Su voz tiene cierta emoción que Misono no recuerda haber escuchado antes, pero saber que la tiene porque acaba de admitir que también le quiere es algo que simplemente le hace emocionar más. Su corazón en definitiva va acelerado, aunque luego siente que el ritmo cardiaco baja, ¿se besarían? Es decir, en sus sueños siempre acaba así luego de una confesión romántica y demás. Asiente, únicamente, pese a la oscuridad.

Sendagaya puede ver como este asiente y se pregunta que le paso ya que no estaba hablando de nuevo—. ¿Sigues tenso?

—Algo —responde mientras se mueve para así acomodarse un poco—. Tetsu… ¿podría darte… un beso? —indaga decidiendo tomar la iniciativa, porque no sabe realmente si el otro lo hará y quiere confirmar la duda de hace un rato, ¿sus labios serán suaves? Espera la respuesta ajena, aunque el otro no tarda el otro en acercarse para sentarse a su par sin decir nada por unos momentos.

—Claro que puedes hacerlo, Chibi.

Sólo en ese momento, Misono, cree que el apodo le ha hecho estremecer, suena tan bien saliendo en ese momento de sus labios.

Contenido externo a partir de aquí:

Lemma win_prob_stop_decomp :
  win_prob p tau = \sum_(i < n) stop_on_success i * prob_none p i.+1 n.
Proof.
rewrite /win_prob (partition_big (fun w => tau w) xpredT) //=.
apply: eq_bigr => i _.
have -> : \sum_(w | success tau w && (tau w == i)) weight p w =
    Pr p (fun w => ((tau w == i) && w i) && [forall k : 'I_n, (i < k)%N ==> ~~ w k]).
  apply: eq_bigl => w; rewrite /success.
  by case: (eqVneq (tau w) i) => [->|_]; rewrite ?andbT ?andbF.
rewrite (Pr_indep p (fun k : 'I_n => (k <= i)%N)) ?Pr_no_success_after // => w w' agree.
  by rewrite (stopping_eq tau_stop i w w' agree) agree.
apply: eq_forallb => k; case: ltnP => // lt_ik.
by rewrite agree // -ltnNge.
Qed.

Lemma stop_on_success_le_reach (i : 'I_n) : stop_on_success i <= p i.+1 * reach i.
Proof.
apply: (@le_trans _ _ (Pr p (fun w => (i <= tau w)%N && w i))).
  by apply: le_Pr => // w /andP[/eqP -> ->]; rewrite leqnn.
rewrite (Pr_indep p (fun k : 'I_n => (k < i)%N) (fun w => i <= tau w)%N (fun w => w i)).
- by rewrite Pr_coord mulrC.
- by move=> w w'; apply: stopping_ge.
by move=> w w' agree; apply: agree; rewrite ltnn.
Qed.

Lemma stop_on_success_le_reach_diff (i : 'I_n) :
  stop_on_success i <= reach i - reach i.+1.
Proof.
have split_reach : reach i = Pr p (fun w => tau w == i) + reach i.+1.
  rewrite /reach (Pr_split p _ (fun w => tau w == i)).
  congr (_ + _); apply: eq_Pr => w.
    by case: eqP => [->|]; rewrite ?leqnn ?andbF.
  by rewrite ltn_neqAle andbC eq_sym.
by rewrite split_reach addrK; apply: le_Pr => // w /andP[].
Qed.

Lemma win_prob_le_prob_one :
    (forall j, (j <= n)%N -> prob_one p j n <= prob_none p j n) ->
  win_prob p tau <= prob_one p 0 n.
Proof.
move=> one_le_none; pose f j := reach j * prob_one p j n.
have step (i : 'I_n) : stop_on_success i * prob_none p i.+1 n <= f i - f i.+1.
  rewrite /f prob_one_recl ?ltn_ord //; apply: stage_le.
  - exact: stop_on_success_le_reach.
  - exact: stop_on_success_le_reach_diff.
  - by rewrite prob_one_ge0 // one_le_none.
have reach0 : reach 0 = 1 by rewrite -(Pr_predT p (n := n)); apply: eq_Pr.
have reachn : reach n = 0.
  by rewrite /reach /Pr big_pred0 // => w; rewrite leqNgt ltn_ord.
rewrite win_prob_stop_decomp (le_trans (ler_sum _ (fun i _ => step i))) //.
rewrite -(big_mkord xpredT (fun i => f i - f i.+1)).
rewrite (@telescope_sumr_eq _ 0 n (fun j => - f j)) => [|//|k _]; last first.
  by rewrite opprK addrC.
by rewrite /f reach0 reachn mul0r mul1r oppr0 sub0r opprK.
Qed.

End UpperBound.

Section FirstSuccess.

Context {n : nat}.

Definition first_success : {ffun outcome n.+1 -> 'I_n.+1} :=
  [ffun w : outcome n.+1 => [arg min_(j < ord_max | w j || (j == ord_max)) j]%N].

Lemma first_success_spec (w : outcome n.+1) :
  (w (first_success w) || (first_success w == ord_max)) /\
  (forall k : 'I_n.+1, (k < first_success w)%N -> ~~ w k).
Proof.
rewrite ffunE; case: arg_minnP => [|j Pj j_min]; first by rewrite eqxx orbT.
split=> // k lt_kj; apply: contraTN lt_kj => wk.
by rewrite -leqNgt j_min ?wk.
Qed.
(* Let $\varepsilon>0$, let $V$ be a probability space, and let $f\colon V\times V\to[0,\infty)$ be a measurable symmetric function. Then there exists a measurable partition $\mathcal P$ of $V$ into at most $2^{32\,\mathbb E f/\varepsilon^2}$ parts such that $$\big\|(f-f_{\mathcal P})\,1_{f_{\mathcal P}\le 1}\big\|_\square\le\varepsilon.$$
   Context: Symmetric means $f(x,y)=f(y,x)$; $\mathbb E f=\mathbb E_{x,y\in V}f(x,y)$ with $x,y$ independent according to the probability measure $\mu$ of $V$. For a partition $\mathcal P$ of $V$, $f_{\mathcal P}$ is defined by $f_{\mathcal P}(x,y)=\frac{1}{\mu(A)\mu(B)}\int_{A\times B}f$ for $(x,y)\in A\times B$, where $A,B$ are parts of $\mathcal P$ (zero-measure parts are ignored). $(f-f_{\mathcal P})1_{f_{\mathcal P}\le1}$ denotes the function equal to $f(x,y)-f_{\mathcal P}(x,y)$ where $f_{\mathcal P}(x,y)\le1$ and $0$ elsewhere. For $h\colon V_1\times V_2\to\mathbb R$ on probability spaces $V_1,V_2$, the cut norm is $\|h\|_\square=\sup_{A\subseteq V_1,B\subseteq V_2}\left|\mathbb E_{x\in V_1,y\in V_2}h(x,y)1_A(x)1_B(y)\right|$, over measurable $A,B$. *)

From HB Require Import structures.
From mathcomp Require Import all_boot all_order all_algebra.
From mathcomp Require Import all_classical all_reals all_analysis.
Set Implicit Arguments. Unset Strict Implicit. Unset Printing Implicit Defensive.
Import Order.TTheory GRing.Theory Num.Theory.
Local Open Scope classical_set_scope.
Local Open Scope ring_scope.
Local Open Scope ereal_scope.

Al estar sentados le es fácil tener acceso al otro así que se mueve para así lentamente acercarse al otro. Por la oscuridad debe usar sus manos para buscar el rostro ajeno y luego darle un leve beso en los labios.

Pese a ser un simple roce, el mayor siente que acaba de ver chispas, no sabe si fue porque un relámpago cayó o en serio fue el beso el cual le hizo sentir así. Sendagaya por otro lado no espero algo como eso, se sintió aturdido pese a que fue un simple roce, los labios de Misono tienen un toque que no espero; relame lentamente su labio inferior queriendo ver si queda algún rastro del ajeno antes de sonreír y ser esta vez el quien se inclina para poder besar al otro.

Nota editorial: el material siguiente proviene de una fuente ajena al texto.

(* Let $n \geq 2$ be an integer and let $F$ be any field of characteristic zero. For $a = (a_1,\dots,a_{n-1}) \in F^{n-1}$ define the polynomials $Q_a(x) = n(x - a_1/n)(x-a_2)\cdots(x-a_{n-1}) \in F[x]$ and $P_{a,0}(x) = \int_0^x Q_a(t)\,dt \in F[x]$ (the unique antiderivative of $Q_a$ with zero constant term). Then there exist $a_1,\dots,a_{n-1} \in F$ such that the values $P_{a,0}(a_1/n), P_{a,0}(a_2), \dots, P_{a,0}(a_{n-1})$ are pairwise distinct. *)

From mathcomp Require Import all_boot all_order all_algebra.
Set Implicit Arguments. Unset Strict Implicit. Unset Printing Implicit Defensive.
Import GRing.Theory Num.Theory.
Local Open Scope ring_scope.

Definition antideriv (F : fieldType) (p : {poly F}) : {poly F} :=
  \poly_(i < (size p).+1) (if i is j.+1 then p`_j / (j.+1)%:R else 0).

(* The points a_1/n, a_2, ..., a_{n-1}; the vector a is indexed by 'I_(n-1),
   with index 0 corresponding to a_1. *)
Definition crit_pts (F : fieldType) (n : nat) (a : 'I_n.-1 -> F) (i : 'I_n.-1) : F :=
  if val i == 0%N then a i / n%:R else a i.

Definition Qa (F : fieldType) (n : nat) (a : 'I_n.-1 -> F) : {poly F} :=
  n%:R *: \prod_(i < n.-1) ('X - (crit_pts a i)%:P).

Definition Pa0 (F : fieldType) (n : nat) (a : 'I_n.-1 -> F) : {poly F} :=
  antideriv (Qa a).

From HB Require Import structures.
From mathcomp Require Import all_boot all_order all_algebra.
From mathcomp Require Import ring.
Import GRing.Theory Num.Theory.
Local Open Scope ring_scope.

(* Taking a_1 = n b_1 and a_k = b_k otherwise makes the points b_1, ..., b_(n-1)
   and P_(a,0) equal to n times the antiderivative P_b of prod_k (x - b_k), so
   it is enough to find b_1, ..., b_m with the values P_b(b_k) pairwise distinct.  Integration by parts shows that appending a
   point t gives P_(b,t)(x) = (x - t) P_b(x) - A_b(x), where A_b is the
   antiderivative of P_b.  As polynomials in t, the new values are therefore
   the lines (x P_b(x) - A_b(x)) - t P_b(x) at the old points x, and -A_b(t)
   at the new one.  These polynomials are pairwise distinct (the slopes P_b(x)
   are, and -A_b has degree m + 3), and over an infinite field some point t
   separates finitely many distinct polynomials. *)

Section Antiderivative.

Context {F : fieldType}.
Implicit Types p q : {poly F}.

Lemma coef_antideriv p i :
  (antideriv p)`_i = if i is j.+1 then p`_j / (j.+1)%:R else 0.
Proof.
rewrite /antideriv coef_poly; case: ltnP => // hi; case: i hi => // j hj.
by rewrite nth_default ?mul0r // -ltnS.
Qed.

Fact antideriv_is_semilinear : semilinear (@antideriv F).
Proof.
split=> [c p|p q]; apply/polyP => [[|i]];
  by rewrite !(coef_antideriv, coefZ, coefD) ?mulr0 ?addr0 ?mulrA ?mulrDl.
Qed.
HB.instance Definition _ := GRing.isSemilinear.Build F {poly F} {poly F} _
  (@antideriv F) antideriv_is_semilinear.

Hypothesis hchar : [pchar F] =i pred0.

Let natf_eq0 k : (k%:R == 0 :> F) = (k == 0)%N.
Proof. by move/pcharf0P: hchar. Qed.

Let natf_inj : injective (fun k : nat => k%:R : F).
Proof.
move=> k l; wlog le_kl : k l / (k <= l)%N => [hw|/= eq_kl].
  by case/orP: (leq_total k l) => /hw // h /esym /h.
apply/eqP; rewrite eqn_leq le_kl /= -subn_eq0 -natf_eq0.
by rewrite natrB // eq_kl subrr.
Qed.

Lemma size_antideriv p : p != 0 -> size (antideriv p) = (size p).+1.
Proof.
move=> p0; apply: size_poly_eq; rewrite /= -[size p]prednK ?size_poly_gt0 //.
by rewrite mulf_neq0 ?invr_eq0 ?natf_eq0 // -lead_coefE lead_coef_eq0.
Qed.

Lemma antiderivMX p :
  antideriv (p * 'X) = antideriv p * 'X - antideriv (antideriv p).
Proof.
apply/polyP => [[|[|i]]]; rewrite coefB coefMX !coef_antideriv ?coefMX ?subr0 //=.
  by rewrite mul0r subrr.
have := natf_eq0 i.+2; rewrite -[(i.+2)%:R]natr1 => /negbT i2.
have /negbT i1 := natf_eq0 i.+1; set k := (i.+1)%:R in i1 i2 *.
by clearbody k; field; rewrite i1 i2.
Qed.

Lemma exists_nonroot p : p != 0 -> exists t, ~~ root p t.
Proof.
move=> p0; pose ks := [seq k%:R : F | k <- iota 0 (size p)].
have [/hasP [t _ nrt] | /hasPn ks_roots] := boolP (has (fun t => ~~ root p t) ks).
  by exists t.
have ks_uniq : uniq ks by rewrite map_inj_uniq ?iota_uniq.
have ks_all : all (root p) ks by apply/allP => t /ks_roots /negPn.
by have := max_poly_roots p0 ks_all ks_uniq; rewrite size_map size_iota ltnn.
Qed.

Lemma exists_separating_point (Q : seq {poly F}) :
  uniq Q -> exists t, uniq [seq q.[t] | q <- Q].
Proof.
move=> Q_uniq; pose D := \prod_(q1 <- Q) \prod_(q2 <- Q | q1 != q2) (q1 - q2).
have D0 : D != 0.
  by rewrite prodf_seq_neq0; apply/allP => q1 _; rewrite prodf_seq_neq0;
    apply/allP => q2 _; apply/implyP; rewrite subr_eq0.
have [t] := exists_nonroot _ D0; rewrite /root horner_prod prodf_seq_neq0.
move=> /allP nrt; exists t; rewrite map_inj_in_uniq // => q1 q2 q1Q q2Q eqt.
apply/eqP; apply: contraNT (nrt _ q1Q) => neq12.
rewrite horner_prod prodf_seq_eq0; apply/hasP; exists q2 => //.
by rewrite neq12 hornerD hornerN eqt subrr /=.
Qed.

Definition antideriv_roots (s : seq F) := antideriv (\prod_(c <- s) ('X - c%:P)).

Lemma horner_antideriv_roots_rcons s t x :
  (antideriv_roots (rcons s t)).[x] =
  (x - t) * (antideriv_roots s).[x] - (antideriv (antideriv_roots s)).[x].
Proof.
rewrite /antideriv_roots big_rcons /= mulrBr [_ * t%:P]mulrC mul_polyC.
by rewrite linearB linearZ /= antiderivMX !hornerE; ring.
Qed.

Lemma exists_antideriv_roots_uniq m :
  exists s : seq F, size s = m /\ uniq [seq (antideriv_roots s).[x] | x <- s].
Proof.
elim: m => [|m [s [size_s vals_uniq]]]; first by exists [::].
set P := antideriv_roots s in vals_uniq *; set A := antideriv P.
pose line x := (x * P.[x] - A.[x])%:P - P.[x] *: 'X.
have lines_uniq : uniq [seq line x | x <- s].
  apply: (map_uniq (f := fun q : {poly F} => - q`_1)); rewrite -map_comp.
  suff -> : [seq - (line x)`_1 | x <- s] = [seq P.[x] | x <- s] by [].
  by apply: eq_map => x; rewrite coefB coefC coefZ coefX mulr1 sub0r opprK.
have size_P : size P = (size s).+2.
  by rewrite size_antideriv ?size_prod_XsubC // monic_neq0 ?monic_prod_XsubC.
have size_A : size A = (size s).+3.
  by rewrite size_antideriv ?size_P // -size_poly_gt0 size_P.
have A_notin : - A \notin [seq line x | x <- s].
  apply/mapP => [[x _ eqA]]; have : (size (line x) <= 2)%N.
    rewrite (leq_trans (size_polyD _ _)) // geq_max size_polyN size_polyC.
    by rewrite (leq_trans (leq_b1 _)) // (leq_trans (size_scale_leq _ _)) ?size_polyX.
  by rewrite -eqA size_polyN size_A.
have Q_uniq : uniq (rcons [seq line x | x <- s] (- A)).
  by rewrite rcons_uniq A_notin lines_uniq.
have [t vals_t_uniq] := exists_separating_point _ Q_uniq.
exists (rcons s t); split; first by rewrite size_rcons size_s.
suff -> : [seq (antideriv_roots (rcons s t)).[x] | x <- rcons s t] =
  [seq q.[t] | q <- rcons [seq line x | x <- s] (- A)] by [].
rewrite !map_rcons -map_comp horner_antideriv_roots_rcons subrr mul0r sub0r hornerN.
by congr rcons; apply: eq_map => x /=; rewrite horner_antideriv_roots_rcons !hornerE; ring.
Qed.

End Antiderivative.

Theorem lemma2p4 (F : fieldType) (n : nat) (hn : (2 <= n)%N)
  (hchar : [pchar F] =i pred0) :
  exists a : 'I_n.-1 -> F,
    forall i j : 'I_n.-1, i != j ->
      (Pa0 a).[crit_pts a i] != (Pa0 a).[crit_pts a j].
Proof.
have [s [size_s vals_uniq]] := exists_antideriv_roots_uniq hchar n.-1.
have n_neq0 : n%:R != 0 :> F by move/pcharf0P: hchar => ->; rewrite -lt0n ltnW.
pose a (i : 'I_n.-1) := if val i == 0%N then n%:R * s`_i else s`_i.
have crit_a i : crit_pts a i = s`_i.
  by rewrite /crit_pts /a; case: eqP => // _; rewrite mulrC mulKf.
have Pa0_a : Pa0 a = n%:R *: antideriv_roots s.
  rewrite /Pa0 /Qa linearZ /antideriv_roots (big_nth 0) size_s big_mkord.
  by congr (_ *: antideriv _); apply: eq_bigr => i _; rewrite crit_a.
exists a => i j neq_ij; rewrite Pa0_a !crit_a !hornerZ (inj_eq (mulfI n_neq0)).
have [i_s j_s] : (i < size s)%N /\ (j < size s)%N by rewrite size_s.
by rewrite -(nth_map 0 0 _ i_s) -(nth_map 0 0 _ j_s) nth_uniq ?size_map.
Qed.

Suavidad, así se sienten los labios ajenos, además de una enorme calidez que emana de ese pequeño y calmo roce el cual simplemente es adictivo. No sabe cuántos segundos fueron los que sus labios permanecieron unidos en ese casto beso, pero pudo haber sido un segundo o una eternidad y aun así no estaría para nada satisfecho del otro.

Misono suelta un suspiro mientras sonríe, en serio esto era mucho mejor que los sueños que llegaba a tener con el otro en definitiva ya que el poder degustar los labios ajenos y saber que el otro le amaba era algo que le quitaba la molestia que había tenido durante varios días contra el otro.

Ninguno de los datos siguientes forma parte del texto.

Lemma equiv_hom_mulsq a c w l : isunit d w -> 0 < l ->
  qm a (qsq d w) = qscale l c -> equiv_hom d c a.
Proof.
move=> [w_int [w' [w'_int ww']]] l_gt0 aw2; exists w', l.
split; first by case: (isunit_qmul_one w_int w'_int ww').
by split=> //; rewrite -qmulZl -aw2 -qmulA -qsqM ww' qsq1 qmulq1.
Qed.

End QuadraticField.

(** * Totally positive elements and perfect forms *)

Section TotallyPositive.
Variable d : nat.
Hypothesis d_gt0 : (0 < d)%N.
Local Notation D := (d%:R : rat).
Local Notation qm := (qmul d).

Lemma D_gt0 : 0 < D. Proof. by rewrite ltr0n. Qed.

Lemma totpos_mul_fst c e : totpos d c -> totpos d e -> 0 < (qm c e).1.
Proof.
case: c e => [c1 c2] [e1 e2] /totposE[/= c1_gt0 Nc] /totposE[/= e1_gt0 Ne].
move: Nc Ne; rewrite /qnorm /qmul /= => Nc Ne.
have D0 := D_gt0.
have lt_sq : (D * (c2 * e2)) ^+ 2 < (c1 * e1) ^+ 2.
  have -> : (D * (c2 * e2)) ^+ 2 = (D * c2 ^+ 2) * (D * e2 ^+ 2) by ring.
  have : 0 <= D * c2 ^+ 2 by nra.
  have : 0 <= D * e2 ^+ 2 by nra.
  nra.
have : 0 < c1 * e1 by exact: mulr_gt0.
nra.
Qed.

Lemma totpos_mul c e : totpos d c -> totpos d e -> totpos d (qm c e).
Proof.
move=> c_pos e_pos; apply/totposE; split; first exact: totpos_mul_fst.
by rewrite qnormM; apply: mulr_gt0; [case/totposE: c_pos | case/totposE: e_pos].
Qed.

Lemma totpos_add c e : totpos d c -> totpos d e -> totpos d (qadd c e).
Proof.
move=> c_pos e_pos; have ce_pos := totpos_mul_fst c_pos (totpos_conj e_pos).
move/totposE: c_pos => [c1 Nc]; move/totposE: e_pos => [e1 Ne].
apply/totposE; split; first by rewrite /=; lra.
have -> : qnorm d (qadd c e) = qnorm d c + qnorm d e + 2 * (qm c (qconj e)).1 by qf_ring.
lra.
Qed.

Lemma totpos_scale l c : 0 < l -> totpos d c -> totpos d (qscale l c).
Proof.
move=> l_gt0 /totposE[c1 Nc]; apply/totposE; split; first exact: mulr_gt0.
have -> : qnorm d (qscale l c) = l ^+ 2 * qnorm d c by qf_ring.
by rewrite mulr_gt0 ?exprn_gt0.
Qed.

Lemma totpos_sq u : qnorm d u != 0 -> totpos d (qsq d u).
Proof.
move=> Nu; apply/totposE; split; last by rewrite qnorm_sq exprn_even_gt0.
have D0 := D_gt0; case: u Nu => [u1 u2]; rewrite /qnorm /qsq /qmul /= => Nu.
have [u2_eq0|u2_neq0] := eqVneq u2 0; last by nra.
have u1_neq0 : u1 != 0 by apply: contraNneq Nu => ->; rewrite u2_eq0; lra.
have : 0 < u1 ^+ 2 by rewrite exprn_even_gt0.
by rewrite u2_eq0; lra.
Qed.

Lemma totpos_mulsq a u : totpos d a -> qnorm d u != 0 -> totpos d (qm a (qsq d u)).
Proof. by move=> a_pos Nu; apply: totpos_mul a_pos (totpos_sq Nu). Qed.

Lemma totpos_mul_qpow_sq a u n : totpos d a -> qnorm d u = 1 ->
  totpos d (qm a (qpow d (qsq d u) n)).
Proof.
move=> a_pos Nu; rewrite -qpow_sq; apply: totpos_mulsq a_pos _.
by rewrite qnorm_pow Nu expr1n oner_neq0.
Qed.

Al menos ahora que estaba oscuro podría decirle algo a la cara—. Me gustas mucho —dice con decisión después de todo sabe que aquella no será la única vez que le suelte aquellas palabras al contrario o le llegue a besar (al menos eso espera). Así que aprovecha ese momento para así darle otro rápido beso—. Y tus ojos son bastante atractivos.

Sendagaya simplemente no esperaba que Misono le empezará a llenar de varios halagos, pero a la vez le hizo sonreír por más de un pequeño momento. Las palabras del otro y sus acciones simplemente le estaban encantando a más no poder y esperaba que pudieran tener más momentos así; donde las chispas vuelen entre ellos.